Look through the records below for the line with "- apply: continuous_ptws_subspace" and the line with "exact: initial_continuous.", then return those lines and all lines between, exactly.

Collected data entries
• • •
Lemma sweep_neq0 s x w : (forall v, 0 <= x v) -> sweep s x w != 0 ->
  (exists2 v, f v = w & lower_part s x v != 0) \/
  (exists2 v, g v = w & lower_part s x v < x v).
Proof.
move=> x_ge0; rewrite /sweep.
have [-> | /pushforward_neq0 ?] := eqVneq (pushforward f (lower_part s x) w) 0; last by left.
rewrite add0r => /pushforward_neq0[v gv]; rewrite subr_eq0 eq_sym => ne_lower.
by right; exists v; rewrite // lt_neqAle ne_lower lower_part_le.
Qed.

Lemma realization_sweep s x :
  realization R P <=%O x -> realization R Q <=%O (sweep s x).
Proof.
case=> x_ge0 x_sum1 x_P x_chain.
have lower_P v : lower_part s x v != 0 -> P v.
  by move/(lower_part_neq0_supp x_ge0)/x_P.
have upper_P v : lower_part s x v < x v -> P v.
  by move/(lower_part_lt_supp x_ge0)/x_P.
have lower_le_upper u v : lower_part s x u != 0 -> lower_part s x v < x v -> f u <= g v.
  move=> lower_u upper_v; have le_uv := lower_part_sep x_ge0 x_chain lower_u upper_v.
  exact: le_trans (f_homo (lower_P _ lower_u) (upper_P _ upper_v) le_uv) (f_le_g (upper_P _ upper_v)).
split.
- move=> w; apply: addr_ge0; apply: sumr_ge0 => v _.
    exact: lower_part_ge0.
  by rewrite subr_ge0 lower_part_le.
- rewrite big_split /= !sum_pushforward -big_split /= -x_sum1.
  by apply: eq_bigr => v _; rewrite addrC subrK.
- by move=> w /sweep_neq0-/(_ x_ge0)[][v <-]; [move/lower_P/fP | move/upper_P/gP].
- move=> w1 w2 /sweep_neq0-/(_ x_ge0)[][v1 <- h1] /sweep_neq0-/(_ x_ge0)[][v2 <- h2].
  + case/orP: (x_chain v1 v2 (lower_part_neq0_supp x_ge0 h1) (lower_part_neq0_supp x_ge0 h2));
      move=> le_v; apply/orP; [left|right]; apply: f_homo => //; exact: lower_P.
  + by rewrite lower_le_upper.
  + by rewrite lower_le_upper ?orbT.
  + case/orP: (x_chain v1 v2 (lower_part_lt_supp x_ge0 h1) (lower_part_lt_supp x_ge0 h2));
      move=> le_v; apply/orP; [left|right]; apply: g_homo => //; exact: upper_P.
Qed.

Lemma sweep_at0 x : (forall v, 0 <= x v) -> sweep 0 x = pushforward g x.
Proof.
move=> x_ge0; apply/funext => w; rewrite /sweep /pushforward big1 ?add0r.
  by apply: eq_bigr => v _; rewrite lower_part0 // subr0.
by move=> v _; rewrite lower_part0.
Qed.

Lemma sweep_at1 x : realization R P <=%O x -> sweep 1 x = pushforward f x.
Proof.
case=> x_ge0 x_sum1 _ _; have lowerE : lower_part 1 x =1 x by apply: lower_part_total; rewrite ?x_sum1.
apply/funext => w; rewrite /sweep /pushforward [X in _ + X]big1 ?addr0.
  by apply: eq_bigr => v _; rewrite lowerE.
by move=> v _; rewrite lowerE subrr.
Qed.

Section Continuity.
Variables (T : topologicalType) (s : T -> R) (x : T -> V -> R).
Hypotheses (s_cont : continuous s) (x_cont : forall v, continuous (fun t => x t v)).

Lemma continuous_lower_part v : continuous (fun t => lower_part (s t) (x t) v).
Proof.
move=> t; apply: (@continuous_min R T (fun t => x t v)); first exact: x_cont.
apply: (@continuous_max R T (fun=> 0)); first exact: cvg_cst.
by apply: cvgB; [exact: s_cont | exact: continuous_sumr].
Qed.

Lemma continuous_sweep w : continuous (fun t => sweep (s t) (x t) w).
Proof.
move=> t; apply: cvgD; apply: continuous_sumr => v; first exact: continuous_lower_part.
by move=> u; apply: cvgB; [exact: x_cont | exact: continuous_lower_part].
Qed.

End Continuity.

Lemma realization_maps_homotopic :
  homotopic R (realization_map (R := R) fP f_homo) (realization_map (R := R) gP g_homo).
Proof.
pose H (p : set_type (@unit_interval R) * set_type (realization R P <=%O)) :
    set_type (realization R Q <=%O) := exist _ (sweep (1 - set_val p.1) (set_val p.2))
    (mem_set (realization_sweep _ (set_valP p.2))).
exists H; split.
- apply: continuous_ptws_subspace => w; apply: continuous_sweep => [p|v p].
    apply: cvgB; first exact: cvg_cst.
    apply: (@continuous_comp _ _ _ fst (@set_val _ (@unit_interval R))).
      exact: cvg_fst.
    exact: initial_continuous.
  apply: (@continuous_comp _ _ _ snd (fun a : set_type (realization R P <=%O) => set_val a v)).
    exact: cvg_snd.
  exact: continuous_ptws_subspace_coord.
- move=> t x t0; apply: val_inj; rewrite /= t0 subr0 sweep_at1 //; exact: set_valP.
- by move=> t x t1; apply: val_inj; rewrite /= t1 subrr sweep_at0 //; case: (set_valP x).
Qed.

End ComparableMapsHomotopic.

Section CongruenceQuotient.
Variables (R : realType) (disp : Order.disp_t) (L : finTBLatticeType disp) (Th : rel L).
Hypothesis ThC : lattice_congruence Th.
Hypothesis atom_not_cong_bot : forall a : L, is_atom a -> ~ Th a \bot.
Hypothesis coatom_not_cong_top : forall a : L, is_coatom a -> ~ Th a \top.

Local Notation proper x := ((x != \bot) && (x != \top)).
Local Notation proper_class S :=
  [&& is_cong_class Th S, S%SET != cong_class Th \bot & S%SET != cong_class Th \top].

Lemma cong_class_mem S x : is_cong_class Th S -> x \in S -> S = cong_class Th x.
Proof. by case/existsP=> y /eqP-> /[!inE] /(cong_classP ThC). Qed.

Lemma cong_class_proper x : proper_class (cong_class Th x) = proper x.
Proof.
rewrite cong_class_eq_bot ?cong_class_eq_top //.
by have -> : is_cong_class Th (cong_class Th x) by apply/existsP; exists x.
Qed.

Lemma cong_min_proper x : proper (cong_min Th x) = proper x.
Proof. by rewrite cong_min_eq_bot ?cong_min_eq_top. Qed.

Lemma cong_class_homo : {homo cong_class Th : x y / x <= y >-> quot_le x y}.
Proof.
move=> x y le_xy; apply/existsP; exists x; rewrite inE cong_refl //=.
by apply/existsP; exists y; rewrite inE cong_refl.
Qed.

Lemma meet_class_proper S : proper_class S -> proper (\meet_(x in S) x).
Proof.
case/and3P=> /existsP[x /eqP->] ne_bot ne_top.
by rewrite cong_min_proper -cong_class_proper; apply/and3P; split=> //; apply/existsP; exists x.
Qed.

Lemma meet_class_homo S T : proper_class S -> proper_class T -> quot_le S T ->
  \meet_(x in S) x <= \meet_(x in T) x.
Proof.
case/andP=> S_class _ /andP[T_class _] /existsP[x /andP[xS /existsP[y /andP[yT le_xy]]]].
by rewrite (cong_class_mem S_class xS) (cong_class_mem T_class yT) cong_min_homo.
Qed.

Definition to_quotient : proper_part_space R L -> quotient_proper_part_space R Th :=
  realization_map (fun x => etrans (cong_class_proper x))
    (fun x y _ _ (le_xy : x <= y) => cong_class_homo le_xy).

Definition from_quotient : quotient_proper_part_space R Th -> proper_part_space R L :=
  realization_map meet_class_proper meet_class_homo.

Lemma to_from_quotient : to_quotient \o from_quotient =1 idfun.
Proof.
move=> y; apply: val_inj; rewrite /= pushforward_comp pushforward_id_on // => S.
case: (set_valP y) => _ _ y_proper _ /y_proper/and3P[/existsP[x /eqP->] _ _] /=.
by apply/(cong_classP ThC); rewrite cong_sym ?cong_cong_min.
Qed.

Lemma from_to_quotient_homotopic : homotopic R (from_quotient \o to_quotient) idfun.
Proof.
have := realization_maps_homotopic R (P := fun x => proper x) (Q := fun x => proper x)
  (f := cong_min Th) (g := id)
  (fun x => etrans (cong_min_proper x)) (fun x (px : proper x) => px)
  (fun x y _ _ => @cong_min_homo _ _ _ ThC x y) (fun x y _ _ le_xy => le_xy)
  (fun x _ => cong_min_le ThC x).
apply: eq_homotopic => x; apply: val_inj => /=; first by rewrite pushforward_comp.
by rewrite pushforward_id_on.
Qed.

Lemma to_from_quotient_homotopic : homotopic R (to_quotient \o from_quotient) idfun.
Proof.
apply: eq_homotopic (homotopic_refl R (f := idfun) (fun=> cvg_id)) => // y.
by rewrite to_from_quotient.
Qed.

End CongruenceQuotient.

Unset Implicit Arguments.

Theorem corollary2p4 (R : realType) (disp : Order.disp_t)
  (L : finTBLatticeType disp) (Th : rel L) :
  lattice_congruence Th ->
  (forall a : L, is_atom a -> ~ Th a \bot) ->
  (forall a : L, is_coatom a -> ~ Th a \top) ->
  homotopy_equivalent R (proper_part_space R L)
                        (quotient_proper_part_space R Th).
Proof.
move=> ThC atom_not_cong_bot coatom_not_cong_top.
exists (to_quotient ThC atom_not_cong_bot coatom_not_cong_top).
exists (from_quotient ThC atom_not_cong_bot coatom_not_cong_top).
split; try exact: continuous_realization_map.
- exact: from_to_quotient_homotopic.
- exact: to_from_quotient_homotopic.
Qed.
• • •
» **COMPLETED EXERCISE**:
- apply: continuous_ptws_subspace => w; apply: continuous_sweep => [p|v p].
    apply: cvgB; first exact: cvg_cst.
    apply: (@continuous_comp _ _ _ fst (@set_val _ (@unit_interval R))).
      exact: cvg_fst.
    exact: initial_continuous.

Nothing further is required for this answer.